Scatter plot illustrating the positive relationship between age (y-axes) and log crude albuminuria, (r = 0.142, p = 0.004) (A), log Leucocyte count (r = 0.116, p = 0.0202) (B); MCV (r = 0.167, p = 0.008) (C) and a nearly significant negative nature of the relationship with Hb level (r = −0.091, p = 0.069) (D). The red lines indicate a line of best fit, fitted to the data. Hb: haemoglobin; MCV: mean corpuscular volume.

Figure 3. Box and whisker plots showing the association of APOL1 G1/G2 with crude albuminuria, ACR, and eGFR values in the SCD patient cohort

Box and whisker plots illustrating the distribution of (Panel A) crude albuminuria, (Panel B) ACR and (Panel C) eGFR (calculated using the CKD-EPI equation) values conditioned on the APOL1 G1/G2 polymorphism, based on the presence of zero (n = 333), one (n = 40) or two (n = 5) minor alleles. The horizontal lines that constitute the ‘box’ correspond to the lower quartile, median and upper quartile parameters.
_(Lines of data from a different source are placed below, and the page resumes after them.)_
Section VanishingPolynomial.
Variables (R : nzRingType) (m r : nat) (p : ncpoly R m).
Hypotheses (p_vanishes : nc_vanishes p r) (r_gt0 : (0 < r)%N).

(* If p vanishes on T_r then p(T_n) is contained in T_n^{(r-1)}: every entry
   (i, j) with j - i < r lies in an r x r principal block. *)
Lemma eval_zero_below (n : nat) (a : 'I_m -> 'M[R]_n) :
  (r <= n)%N -> (forall k, upper_tri (a k)) -> zero_below r (nc_eval p a).
Proof.
move=> le_rn ua i j lt_j_ir.
have [lt_ji|le_ij] := ltnP j i; first exact: upper_tri_eval.
pose N := minn i (n - r).
have hk : (N + r <= n)%N by rewrite /N; lia.
have lt_iN_r : (i - N < r)%N by move: (ltn_ord i); rewrite /N; lia.
have lt_jN_r : (j - N < r)%N by move: (ltn_ord j); rewrite /N; lia.
have := congr1 (fun M : 'M[R]_r => M (Ordinal lt_iN_r) (Ordinal lt_jN_r)) (block_eval hk p ua).
rewrite p_vanishes => [|k]; last exact: upper_tri_block.
rewrite !mxE.
have -> : block_ord hk (Ordinal lt_iN_r) = i by apply: val_inj => /=; rewrite /N; lia.
by have -> : block_ord hk (Ordinal lt_jN_r) = j by apply: val_inj => /=; rewrite /N; lia.
Qed.

Lemma corner_nonzero (b : 'I_m -> 'M[R]_r.+1) :
  (forall k, upper_tri (b k)) -> nc_eval p b != 0 -> nc_eval p b ord0 ord_max != 0.
Proof.
move=> ub; apply: contraNneq => corner0; apply/eqP/matrixP => i j; rewrite mxE.
have [lt_j_ir|le_ir_j] := ltnP j (i + r); first exact: eval_zero_below.
have -> : i = ord0 by apply: val_inj; move: (ltn_ord j) le_ir_j => /=; lia.
by have -> : j = ord_max by apply: val_inj; move: (ltn_ord j) le_ir_j => /=; lia.
Qed.

End VanishingPolynomial.

(* Along a line a + t d the entries of p(a + t d) are polynomial functions of
   t: they are the values at t of the entries of p evaluated over R[X]. *)
Lemma nc_eval_line (R : comNzRingType) (m n : nat) (p : ncpoly R m)
  (a d : 'I_m -> 'M[R]_n) :
  exists Q : 'M[{poly R}]_n,
    forall t, map_mx (horner_eval t) Q = nc_eval p (fun k => a k + t *: d k).
Proof.
pose X k := map_mx polyC (a k) + 'X *: map_mx polyC (d k).
exists (nc_eval (nc_map polyC p) X) => t.
rewrite (@nc_eval_morph _ _ _ _ _ (horner_eval t) _ (fun=> True)) //; last first.
- exact: map_mxZ.
- exact: map_mxD.
- exact: map_mx0.
- by move=> x y _ _; apply: map_mxM.
- exact: map_mx1.
rewrite nc_map_cancel => [|c]; last exact: hornerC.
by apply: eq_nc_eval => k; apply/matrixP => i j; rewrite !mxE /horner_eval /=
  hornerD mulrC hornerMX !hornerC [t * _]mulrC.
Qed.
The length of the ‘whiskers’ that extend from the box in the upwards and downwards direction represent a distance to the maximum and minimum values, respectively. Significant results are indicated using * (p < 0.05). ACR: albumin/creatinine ratio; CKD-EPI: Chronic Kidney Disease Epidemiology Collaboration equation; eGFR: estimated glomerular filtration rate; SCD: sickle cell disease.